**Data for the task:**

(* Let $\mathcal P_X,\mathcal P_Y$ be probability measures on a measurable space $(E,\mathcal E)$ with $\mathcal P_Y\ll\mathcal P_X$, let $L=d\mathcal P_Y/d\mathcal P_X$, and assume $L(\mathbf Z)$ has a continuous distribution when $\mathbf Z\sim\mathcal P_X$. Let $\mathbf Z_X,\mathbf Z_X'$ be i.i.d. with law $\mathcal P_X$ and define $\delta:=\mathbb E\,|L(\mathbf Z_X)-L(\mathbf Z_X')|$. Then $$2\,d_{tv}(\mathcal P_X,\mathcal P_Y)\le \delta\le 4\,d_{tv}(\mathcal P_X,\mathcal P_Y).$$
   Context: $d_{tv}(\mathcal P_X,\mathcal P_Y)=\sup_{A\in\mathcal E}|\mathcal P_Y(A)-\mathcal P_X(A)|$ denotes the total variation distance. *)

From HB Require Import structures.
From mathcomp Require Import all_boot all_order all_algebra.
From mathcomp Require Import all_classical all_reals all_analysis.
Set Implicit Arguments. Unset Strict Implicit. Unset Printing Implicit Defensive.
Import Order.TTheory GRing.Theory Num.Theory.
Local Open Scope classical_set_scope.
Local Open Scope ring_scope.
Local Open Scope ereal_scope.

Definition dtv (d : measure_display) (T : measurableType d) (R : realType)
  (PX PY : probability T R) : \bar R :=
  ereal_sup [set `|PY A - PX A| | A in [set A | measurable A]].

(* Let dev1 := E|L(Z) - 1| for Z ~ P_X.  Since E (L(Z) - 1) = 0, splitting
   this expectation over an event A and its complement gives
   2 |P_Y(A) - P_X(A)| <= dev1, with equality for A = {L > 1}; hence
   dev1 = 2 d_tv.  Integrating out Z' in E|L(Z) - L(Z')|, Jensen's inequality
   with E L(Z') = 1 gives |L(Z) - 1| <= E[|L(Z) - L(Z')| | Z], and the triangle
   inequality through 1 gives E[|L(Z) - L(Z')| | Z] <= |L(Z) - 1| + dev1;
   so dev1 <= delta <= 2 dev1. *)

From HB Require Import structures.
From mathcomp Require Import all_boot all_order all_algebra.
From mathcomp Require Import all_classical all_reals all_analysis.
From mathcomp Require Import measurable_realfun.
From mathcomp Require Import lra ring.
Import Order.TTheory GRing.Theory Num.Theory.
Local Open Scope classical_set_scope.
Local Open Scope ring_scope.
Local Open Scope ereal_scope.

Section density.
Context {d : measure_display} {T : measurableType d} {R : realType}.
Context {PX PY : probability T R} {L : T -> R}.
Hypothesis mL : measurable_fun setT L.
Hypothesis L_ge0 : forall z, (0 <= L z)%R.
Hypothesis PY_density :
  forall A, measurable A -> PY A = \int[PX]_(z in A) (L z)%:E.

Lemma density_integrable A : measurable A -> PX.-integrable A (EFin \o L).
Proof.
move=> mA; apply/integrableP; split.
  by apply/measurable_EFinP; exact: measurable_funS mL.
rewrite (eq_integral (fun z => (L z)%:E)); last by move=> z _ /=; rewrite ger0_norm.
by rewrite -PY_density // (le_lt_trans (probability_le1 PY mA)) ?ltry.
Qed.

Lemma integral_density_subr A (c : R) : measurable A ->
  \int[PX]_(z in A) ((L z)%:E - c%:E) = PY A - c%:E * PX A.
Proof.
move=> mA; rewrite (integralB_EFin (f2 := fun=> c)) //.
- by rewrite -PY_density // integral_cst.
- exact: density_integrable.
- exact: finite_measure_integrable_cst.
Qed.

Lemma integral_subr_density A (c : R) : measurable A ->
  \int[PX]_(z in A) (c%:E - (L z)%:E) = c%:E * PX A - PY A.
Proof.
move=> mA; rewrite (integralB_EFin (f1 := fun=> c)) //.
- by rewrite -PY_density // integral_cst.
- exact: finite_measure_integrable_cst.
- exact: density_integrable.
Qed.

Let dev1 := \int[PX]_(z in setT) `|(L z - 1)%:E|.

Let measurable_abs_subr (c : R) (D : set T) :
  measurable_fun D (fun z => `|(L z - c)%:E|).
Proof.
apply: measurableT_comp => //; apply/measurable_EFinP.
by apply: measurable_funB; [exact: measurable_funS mL|exact: measurable_cst].
Qed.

Let measurable_abs_sub_at x : measurable_fun setT (fun y => `|(L x - L y)%:E|).
Proof.
apply: measurableT_comp => //; apply/measurable_EFinP.
by apply: measurable_funB => //; exact: measurable_cst.
Qed.

Lemma abs_sub_measure_le_integral A : measurable A ->
  `|PY A - PX A| <= \int[PX]_(z in A) `|(L z - 1)%:E|.
Proof.
move=> mA; rewrite -[PX A]mul1e -integral_density_subr //.
under eq_integral do rewrite -EFinB.
apply: le_abse_integral => //; apply/measurable_EFinP.
by apply: measurable_funB; [exact: measurable_funS mL|exact: measurable_cst].
Qed.

Lemma abs_sub_measureC A : measurable A ->
  `|PY (~` A) - PX (~` A)| = `|PY A - PX A|.
Proof.
move=> mA; rewrite !probability_setC //.
rewrite -[PX A]fineK ?fin_num_measure // -[PY A]fineK ?fin_num_measure //.
by rewrite -!EFinB !abse_EFin -normrN; congr (`|_|%:E); ring.
Qed.

Lemma twice_abs_sub_measure_le A : measurable A ->
  2%:E * `|PY A - PX A| <= dev1.
Proof.
move=> mA; rewrite /dev1 -(setUCr A) ge0_integral_setU //; last 2 first.
- exact: measurableC.
- exact/disj_setPCl.
rewrite mule_natl mule2n.
apply: leeD; first exact: abs_sub_measure_le_integral.
rewrite -abs_sub_measureC //; exact/abs_sub_measure_le_integral/measurableC.
Qed.

Let A1 := L @^-1` `]1%R, +oo[.

Let measurable_A1 : measurable A1.
Proof. by rewrite -[A1]setTI; apply: mL => //; exact: measurable_itv. Qed.

Lemma dev1_superlevel : dev1 = 2%:E * (PY A1 - PX A1).
Proof.
rewrite /dev1 -(setUCr A1) ge0_integral_setU //; last 2 first.
- exact: measurableC.
- exact/disj_setPCl.
rewrite (eq_integral (fun z => (L z)%:E - 1%:E)); last first.
  move=> z; rewrite inE /A1 /= in_itv andbT => L1.
  by rewrite gtr0_norm ?subr_gt0 // EFinB.
rewrite integral_density_subr // mul1e.
rewrite (eq_integral (fun z => 1%:E - (L z)%:E)); last first.
  move=> z; rewrite inE /A1 /= in_itv andbT => /negP; rewrite -leNgt => L1.
  by rewrite ler0_norm ?subr_le0 // opprB EFinB.
rewrite integral_subr_density ?mul1e; last exact: measurableC.
rewrite !probability_setC //.
rewrite -[PX A1]fineK ?fin_num_measure // -[PY A1]fineK ?fin_num_measure //.
by rewrite -!EFinB -!EFinD -EFinM; congr EFin; ring.
Qed.

Lemma twice_dtv_le_dev1 : 2%:E * dtv PX PY <= dev1.
Proof.
rewrite -lee_pdivlMl //; apply: ge_ereal_sup => _ [A mA <-].
by rewrite lee_pdivlMl //; exact: twice_abs_sub_measure_le.
Qed.

Lemma dev1_le_twice_dtv : dev1 <= 2%:E * dtv PX PY.
Proof.
rewrite dev1_superlevel; apply: lee_wpmul2l => //.
by apply: le_trans (lee_abs _) _; apply: ereal_sup_ubound; exists A1.
Qed.

Lemma abs_dev1_le_integral x :
  `|(L x - 1)%:E| <= \int[PX]_y `|(L x - L y)%:E|.
Proof.
have := integral_subr_density setT (L x) measurableT.
rewrite !probability_setT mule1 -EFinB => <-.
under [X in _ <= X]eq_integral do rewrite EFinB.
apply: le_abse_integral => //; apply/measurable_EFinP.
by apply: measurable_funB => //; exact: measurable_cst.
Qed.

Lemma integral_le_abs_dev1 x :
  \int[PX]_y `|(L x - L y)%:E| <= `|(L x - 1)%:E| + dev1.
Proof.
apply: (@le_trans _ _ (\int[PX]_y (`|(L x - 1)%:E| + `|(L y - 1)%:E|))).
  apply: ge0_le_integral => //.
  - by apply: emeasurable_funD; [exact: measurable_cst|exact: measurable_abs_subr].
  move=> y _; rewrite -EFinD lee_fin.
  by rewrite (_ : L x - L y = (L x - 1) - (L y - 1))%R ?ler_normB //; ring.
by rewrite ge0_integralD // integral_cst //= probability_setT mule1.
Qed.

Let delta := \int[PX \x PX]_(w in setT) `|(L w.1 - L w.2)%:E|.

Let measurable_abs_sub :
  measurable_fun setT (fun w : T * T => `|(L w.1 - L w.2)%:E|).
Proof.
apply: measurableT_comp => //; apply/measurable_EFinP.
by apply: measurable_funB; exact: measurableT_comp mL _.
Qed.

Let measurable_integral_abs_sub :
  measurable_fun setT (fun x => \int[PX]_y `|(L x - L y)%:E|).
Proof.
exact: (@measurable_fun_fubini_tonelli_F _ _ _ _ _ PX _ measurable_abs_sub).
Qed.

Let delta_iterated : delta = \int[PX]_x \int[PX]_y `|(L x - L y)%:E|.
Proof. by rewrite /delta fubini_tonelli1. Qed.

Lemma dev1_le_delta : dev1 <= delta.
Proof.
by rewrite delta_iterated; apply: ge0_le_integral => // x _;
  exact: abs_dev1_le_integral.
Qed.

Lemma delta_le_twice_dev1 : delta <= 2%:E * dev1.
Proof.
rewrite delta_iterated.
apply: (@le_trans _ _ (\int[PX]_x (`|(L x - 1)%:E| + dev1))).
  apply: ge0_le_integral => //.
  - by move=> x _; exact: integral_ge0.
  - by apply: emeasurable_funD => //; exact: measurable_cst.
  - by move=> x _; exact: integral_le_abs_dev1.
rewrite ge0_integralD //; last by move=> x _; exact: integral_ge0.
by rewrite integral_cst //= probability_setT mule1 mule_natl mule2n.
Qed.

End density.

Theorem proposition2 (d : measure_display) (T : measurableType d) (R : realType)
  (PX PY : probability T R) (L : T -> R) :
  PY `<< PX ->
  measurable_fun setT L ->
  (forall z, (0 <= L z)%R) ->
  (forall A, measurable A -> PY A = \int[PX]_(z in A) (L z)%:E) ->
  (forall c : R, PX [set z | L z = c] = 0) ->
  let delta := \int[PX \x PX]_(w in setT) `|(L w.1 - L w.2)%:E| in
  2%:E * dtv PX PY <= delta /\ delta <= 4%:E * dtv PX PY.
Proof.
move=> _ mL L_ge0 PY_density _ delta; split.
- apply: le_trans (twice_dtv_le_dev1 mL L_ge0 PY_density) _.
  exact: dev1_le_delta mL L_ge0 PY_density.
- apply: le_trans (delta_le_twice_dev1 (PX:=PX) mL) _.
  have -> : 4%:E = 2%:E * 2%:E :> \bar R by rewrite -EFinM; congr EFin; lra.
  rewrite -muleA; apply: lee_wpmul2l => //.
  exact: dev1_le_twice_dtv mL L_ge0 PY_density.
Qed.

**Requirement:** Write down again, exactly as given, only the lines above that fall from the line with "Lemma dev1_superlevel : dev1" to the line with "move=> z; rewrite inE /A1 /= in_itv andbT => L1.", inclusive.

**Completed exercise:**
Lemma dev1_superlevel : dev1 = 2%:E * (PY A1 - PX A1).
Proof.
rewrite /dev1 -(setUCr A1) ge0_integral_setU //; last 2 first.
- exact: measurableC.
- exact/disj_setPCl.
rewrite (eq_integral (fun z => (L z)%:E - 1%:E)); last first.
  move=> z; rewrite inE /A1 /= in_itv andbT => L1.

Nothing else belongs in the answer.